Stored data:
(* Let $G$ be a finite group. Then the commuting graph $\Gamma_C(G)$ is minimally connected if and only if $G$ is abelian.
   Context: The commuting graph $\Gamma_C(G)$ of a group $G$ is the simple undirected graph with vertex set $G$ in which two distinct elements $x,y$ are adjacent if and only if $xy=yx$. For a connected graph $\Gamma$, a vertex cut-set is a set $S$ of vertices such that $\Gamma-S$ is disconnected or has just one vertex, and the vertex connectivity $\kappa(\Gamma)$ is the smallest size of a vertex cut-set. $\Gamma$ is minimally connected if $\kappa(\Gamma-\epsilon)=\kappa(\Gamma)-1$ for every edge $\epsilon$ of $\Gamma$. *)

From mathcomp Require Import all_boot all_fingroup.
Set Implicit Arguments. Unset Strict Implicit. Unset Printing Implicit Defensive.

(* A finite simple graph on a finType T: vertex set V : {set T}, edge set E of
   2-element subsets [set u; v] (u != v) of V. *)
Section Graphs.
Variable T : finType.

Definition ind_adj (E : {set {set T}}) (W : {set T}) : rel T :=
  fun u v => [&& u \in W, v \in W, u != v & [set u; v] \in E].

Definition gconnected (W : {set T}) (E : {set {set T}}) : bool :=
  [forall x, forall y, (x \in W) ==> (y \in W) ==> connect (ind_adj E W) x y].

Definition is_cutset (V : {set T}) (E : {set {set T}}) (S : {set T}) : bool :=
  (S \subset V) && ((#|V :\: S| == 1) || ~~ gconnected (V :\: S) E).

Definition kappa (V : {set T}) (E : {set {set T}}) : nat :=
  \big[minn/#|V|]_(S : {set T} | is_cutset V E S) #|S|.

Definition minimally_connected (V : {set T}) (E : {set {set T}}) : bool :=
  gconnected V E &&
  [forall e in E, kappa V (E :\ e) == (kappa V E).-1].
End Graphs.

Definition commuting_edges (gT : finGroupType) (G : {set gT}) : {set {set gT}} :=
  [set [set x; y] | x in G, y in G & (x != y) && (x * y == y * x)%g].

(* If G is abelian the commuting graph is complete: its only cut-sets leave a single
   vertex, so kappa = |G| - 1, and after deleting an edge {x, y} the complement of
   {x, y} becomes the smallest cut-set, so kappa drops to |G| - 2.
   If G is not abelian, some u differs from u^-1, and u, u^-1 are adjacent twins
   (an element commutes with u iff it commutes with u^-1).  Deleting the edge between
   two twins disconnects no induced subgraph except the pair itself, since a common
   neighbour reconnects them; and the complement of the pair has size |G| - 2, which
   is already at least kappa because two non-commuting elements are nonadjacent.
   So deleting {u, u^-1} does not lower kappa > 0, against minimal connectivity. *)

From HB Require Import structures.
From mathcomp Require Import all_boot all_fingroup abelian zify.

Set Implicit Arguments. Unset Strict Implicit. Unset Printing Implicit Defensive.

(* Lets [bigD1] split the minimum defining [kappa]. *)
HB.instance Definition _ := SemiGroup.isComLaw.Build nat minn minnA minnC.

Section VertexConnectivity.
Variable T : finType.
Implicit Types (V W S : {set T}) (E : {set {set T}}).

Definition complete_on W E := {in W &, forall a b, a != b -> [set a; b] \in E}.

Definition twins_on W E u w :=
  {in W, forall x, x != u -> x != w -> ([set u; x] \in E) = ([set w; x] \in E)}.

Lemma kappa_le_cutset V E S : is_cutset V E S -> kappa V E <= #|S|.
Proof. by move=> cutS; rewrite /kappa (bigD1 S) //= geq_minl. Qed.

Lemma kappa_le_card V E : kappa V E <= #|V|.
Proof.
rewrite /kappa; elim/big_ind: _ => // [m n lemV _|S /andP[sSV _]].
  by rewrite geq_min lemV.
exact: subset_leq_card.
Qed.

Lemma leq_kappa V E m : m <= #|V| ->
  (forall S, is_cutset V E S -> m <= #|S|) -> m <= kappa V E.
Proof.
move=> lemV lemS; rewrite /kappa; elim/big_ind: _ => // m1 m2 le1 le2.
by rewrite leq_min le1.
Qed.

Lemma ind_adjC E W : symmetric (ind_adj E W).
Proof. by move=> a b; rewrite /ind_adj setUC eq_sym; do 2!case: (_ \in W). Qed.

Lemma ind_adj_setD1 E W e p q :
  ind_adj E W p q -> [set p; q] != e -> ind_adj (E :\ e) W p q.
Proof. by case/and4P=> Wp Wq npq Epq ne; rewrite /ind_adj Wp Wq npq !inE ne. Qed.

Lemma connect_closed_mem (e : rel T) (A : {set T}) x y :
  (forall a b, a \in A -> e a b -> b \in A) -> x \in A -> connect e x y -> y \in A.
Proof.
move=> clA Ax /connectP[p]; elim: p x Ax => [|z p IHp] x Ax /= => [_ -> //|].
by case/andP=> exz; apply: IHp; exact: clA exz.
Qed.

Lemma gconnected_sub E E' W :
  subrel (ind_adj E W) (connect (ind_adj E' W)) -> gconnected W E -> gconnected W E'.
Proof.
move=> sub /forallP conn; apply/forallP=> x; apply/forallP=> y.
apply/implyP=> Wx; apply/implyP=> Wy; apply: connect_sub sub _ _ _.
by move/forallP: (conn x) => /(_ y); rewrite Wx Wy.
Qed.

Lemma gconnected_complete W E : complete_on W E -> gconnected W E.
Proof.
move=> cW; apply/forallP=> x; apply/forallP=> y; apply/implyP=> Wx; apply/implyP=> Wy.
have [-> //|nxy] := eqVneq x y.
by apply: connect1; rewrite /ind_adj Wx Wy nxy cW.
Qed.

Lemma gconnected_pairN E x y :
  x != y -> [set x; y] \notin E -> ~~ gconnected [set x; y] E.
Proof.
move=> nxy nExy; apply/negP=> /forallP/(_ x)/forallP/(_ y); rewrite set21 set22 /=.
move=> cxy; suff /set1P yx : y \in [set x] by rewrite yx eqxx in nxy.
apply: (connect_closed_mem _ (set11 x) cxy) => a b /set1P-> /and4P[_].
by case/set2P=> [-> /[!eqxx] | ->] // _ Exy; rewrite Exy in nExy.
Qed.

Lemma twins_outer_neighbour E W u w :
    u \in W -> w \in W -> twins_on W E u w -> W != [set u; w] -> gconnected W E ->
  exists x, [/\ x \in W, x != u, x != w & [set u; x] \in E].
Proof.
move=> Wu Ww tw nW conn.
have [y] : exists y, y \in W :\: [set u; w].
  apply/set0Pn; apply: contra nW; rewrite setD_eq0 => sWuw.
  by rewrite eqEsubset sWuw; apply/subsetP=> z /set2P[]->.
rewrite !inE negb_or => /andP[/andP[yu yw] Wy].
have [x /and4P[]|noN] := pickP [pred x | [&& x \in W, x != u, x != w & [set u; x] \in E]].
  by exists x.
have : y \in [set u; w].
  have cuy : connect (ind_adj E W) u y.
    by move/forallP: conn => /(_ u)/forallP/(_ y); rewrite Wu Wy.
  apply: (connect_closed_mem _ (set21 _ _) cuy) => a b uwa /and4P[_ Wb _ Eab].
  apply: contraT; rewrite !inE negb_or => /andP[bu bw].
  have := noN b; rewrite /= Wb bu bw /=.
  by case/set2P: uwa Eab => -> Eab; rewrite ?Eab // tw // Eab.
by rewrite !inE (negbTE yu) (negbTE yw).
Qed.

Lemma gconnected_setD_twin_edge E W u w :
    twins_on W E u w -> W != [set u; w] -> gconnected W E ->
  gconnected W (E :\ [set u; w]).
Proof.
move=> tw nW conn; move: (conn); apply: gconnected_sub => p q Epq.
have [puw | npuw] := eqVneq [set p; q] [set u; w]; last exact/connect1/ind_adj_setD1.
case/and4P: Epq => Wp Wq npq _.
have pq_uw z : z \in [set p; q] -> z \in [set u; w] by rewrite puw.
have uw_pq z : z \in [set u; w] -> z \in W by rewrite -puw => /set2P[]->.
have [Wu Ww] := (uw_pq u (set21 u w), uw_pq w (set22 u w)).
have [x [Wx xu xw Eux]] := twins_outer_neighbour Wu Ww tw nW conn.
have xNuw : x \notin [set u; w] by rewrite !inE negb_or xu.
have cuw : connect (ind_adj (E :\ [set u; w]) W) u w.
  apply: (connect_trans (y := x)); apply/connect1/ind_adj_setD1;
    try by apply: contraNneq xNuw => <-; rewrite !inE eqxx ?orbT.
    by rewrite /ind_adj Wu Wx eq_sym xu Eux.
  by rewrite /ind_adj Wx Ww xw setUC -tw.
have cwu : connect (ind_adj (E :\ [set u; w]) W) w u.
  by rewrite (sym_connect_sym (ind_adjC _ _)).
move: (pq_uw p (set21 p q)) (pq_uw q (set22 p q)) npq.
by case/set2P=> ->; case/set2P=> ->; rewrite ?eqxx.
Qed.

Lemma kappa_gt0 V E : gconnected V E -> 1 < #|V| -> 0 < kappa V E.
Proof.
move=> conn V_gt1; apply: leq_kappa => [|S /andP[_]]; first exact: ltnW.
rewrite lt0n cards_eq0; apply: contraL => /eqP->.
by rewrite setD0 conn orbF; apply: contraL V_gt1 => /eqP->.
Qed.

Lemma kappa_le_nonadj V E x y : x \in V -> y \in V -> x != y ->
  [set x; y] \notin E -> kappa V E <= #|V| - 2.
Proof.
move=> Vx Vy nxy nExy.
have sxyV : [set x; y] \subset V by apply/subsetP=> z /set2P[]->.
suff cut : is_cutset V E (V :\: [set x; y]).
  by apply: leq_trans (kappa_le_cutset cut) _; rewrite cardsDS // cards2 nxy.
rewrite /is_cutset subsetDl setDDr setDv set0U (setIidPr sxyV).
by rewrite gconnected_pairN ?orbT.
Qed.

Lemma kappa_setD_twin_edge V E u w : u != w -> twins_on V E u w ->
  kappa V E <= #|V| - 2 -> kappa V E <= kappa V (E :\ [set u; w]).
Proof.
move=> nuw tw kle; apply: leq_kappa => [|S /andP[sSV cutS]]; first exact: kappa_le_card.
have [VS | nVS] := eqVneq (V :\: S) [set u; w].
  have : #|V :\: S| = 2 by rewrite VS cards2 nuw.
  by rewrite cardsDS //; have := subset_leq_card sSV; lia.
apply: kappa_le_cutset; rewrite /is_cutset sSV /=; case/orP: cutS => [-> // | ].
apply: contraNT; rewrite negb_or => /andP[_ /negbNE conn].
by rewrite gconnected_setD_twin_edge // => z /setDP[Vz _]; exact: tw.
Qed.

Lemma kappa_complete V E : complete_on V E -> 0 < #|V| -> kappa V E = #|V|.-1.
Proof.
move=> cV /card_gt0P[v Vv]; apply/eqP; rewrite eqn_leq; apply/andP; split.
  have cut : is_cutset V E (V :\ v).
    by rewrite /is_cutset subsetDl setDDr setDv set0U (setIidPr _) ?sub1set ?cards1.
  by apply: leq_trans (kappa_le_cutset cut) _; rewrite (cardsD1 v V) Vv.
apply: leq_kappa => [|S /andP[sSV /orP[]]]; first exact: leq_pred.
  by rewrite cardsDS // => /eqP; lia.
by rewrite gconnected_complete //; apply: sub_in2 cV => z /setDP[].
Qed.

Lemma kappa_complete_setD_edge V E x y : complete_on V E ->
  x \in V -> y \in V -> x != y -> kappa V (E :\ [set x; y]) = #|V| - 2.
Proof.
move=> cV Vx Vy nxy; apply/eqP; rewrite eqn_leq (kappa_le_nonadj Vx Vy) ?setD11 //=.
apply: leq_kappa => [|S /andP[sSV cutS]]; first exact: leq_subr.
have sSV' := subset_leq_card sSV.
apply: contraTT cutS; rewrite -ltnNge => small.
have W_gt2 : 2 < #|V :\: S| by rewrite cardsDS //; lia.
have nW : V :\: S != [set x; y].
  by apply: contraTneq W_gt2 => ->; rewrite cards2 nxy.
have conn : gconnected (V :\: S) (E :\ [set x; y]).
  apply: gconnected_setD_twin_edge nW _ => [z /setDP[Vz _] zx zy|].
    by rewrite !cV // 1?eq_sym.
  by apply/gconnected_complete/(sub_in2 _ cV) => z /setDP[].
by rewrite negb_or conn andbT; apply: contraTneq W_gt2 => ->.
Qed.

End VertexConnectivity.

Section CommutingGraph.
Variables (gT : finGroupType) (G : {group gT}).
Implicit Types x y u : gT.
Local Open Scope group_scope.

Lemma mem_commuting_edges x y : x != y ->
  ([set x; y] \in commuting_edges G) = [&& x \in G, y \in G & x * y == y * x].
Proof.
move=> nxy; apply/imset2P/and3P => [[a b Ga] | [Gx Gy cxy]]; last first.
  by exists x y; rewrite // inE Gy nxy.
rewrite inE => /and3P[Gb nab cab] xy_ab.
have xab : x \in [set a; b] by rewrite -xy_ab set21.
have yab : y \in [set a; b] by rewrite -xy_ab set22.
case/set2P: xab yab nxy => -> /set2P[]-> _ //; rewrite ?eqxx //.
by split; rewrite // eq_sym.
Qed.

Lemma commuting_edges_complete : abelian G -> complete_on G (commuting_edges G).
Proof.
move=> abG x y Gx Gy nxy; rewrite mem_commuting_edges // Gx Gy.
by apply/eqP/(centsP abG).
Qed.

Lemma commuting_edges_twinsV u : twins_on G (commuting_edges G) u u^-1.
Proof.
move=> x Gx xu xuV; rewrite eq_sym in xu; rewrite eq_sym in xuV.
rewrite !mem_commuting_edges // groupV.
have cV v : v * x == x * v -> v^-1 * x == x * v^-1.
  by move/eqP=> cvx; apply/eqP/commute_sym/commuteV/commute_sym.
congr [&& _, _ & _]; apply/idP/idP => [/cV // | /cV]; by rewrite invgK.
Qed.

Lemma not_abelian_noncommuting :
  ~~ abelian G -> exists x y, [/\ x \in G, y \in G & x * y != y * x].
Proof.
move=> nabG; have [[x y] /= /and3P[Gx Gy nc] | all_c] :=
  pickP [pred p : gT * gT | [&& p.1 \in G, p.2 \in G & p.1 * p.2 != p.2 * p.1]].
  by exists x, y.
case/negP: nabG; apply/centsP => x Gx y Gy; apply/eqP.
by have := all_c (x, y); rewrite /= Gx Gy => /negbFE.
Qed.

Lemma not_abelian_noninvolution : ~~ abelian G -> exists2 u, u \in G & u != u^-1.
Proof.
move=> nabG; have [u /andP[Gu nuV] | all_inv] := pickP [pred u | (u \in G) && (u != u^-1)].
  by exists u.
case/negP: nabG; apply/abelem_abelian/exponent2_abelem/exponentP => u Gu.
have := all_inv u; rewrite /= Gu => /negbFE/eqP uV.
by rewrite expg2 {1}uV mulVg.
Qed.

End CommutingGraph.

Theorem mainTheorem8 (gT : finGroupType) (G : {group gT}) :
  minimally_connected G (commuting_edges G) <-> abelian G.
Proof.
set E := commuting_edges G.
split=> [/andP[conn /forall_inP minE] | abG].
  apply: contraT => nabG.
  have [x [y [Gx Gy nc]]] := not_abelian_noncommuting nabG.
  have [u Gu nuV] := not_abelian_noninvolution nabG.
  have nxy : x != y by apply: contraNneq nc => ->.
  have kE_le : kappa G E <= #|G| - 2.
    by apply: (kappa_le_nonadj Gx Gy nxy); rewrite mem_commuting_edges // Gx Gy.
  have kE_gt0 : 0 < kappa G E.
    by apply: (kappa_gt0 conn); apply/card_gt1P; exists u, u^-1%g; rewrite groupV.
  have Euu : [set u; u^-1%g] \in E.
    by rewrite mem_commuting_edges // groupV Gu mulgV mulVg eqxx.
  have := kappa_setD_twin_edge nuV (@commuting_edges_twinsV _ G u) kE_le.
  by rewrite -/E (eqP (minE _ Euu)); lia.
have cE := commuting_edges_complete abG.
apply/andP; split; first exact: gconnected_complete.
apply/forall_inP=> e /imset2P[x y Gx]; rewrite inE => /andP[Gy /andP[nxy _]] ->.
by rewrite (kappa_complete_setD_edge cE) // (kappa_complete cE) ?cardG_gt0 // subn2.
Qed.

*Aim of the exercise*: Within the records, the lines containing the string "simple" are to be counted and their number given without comment.

*Exercise solution*: 2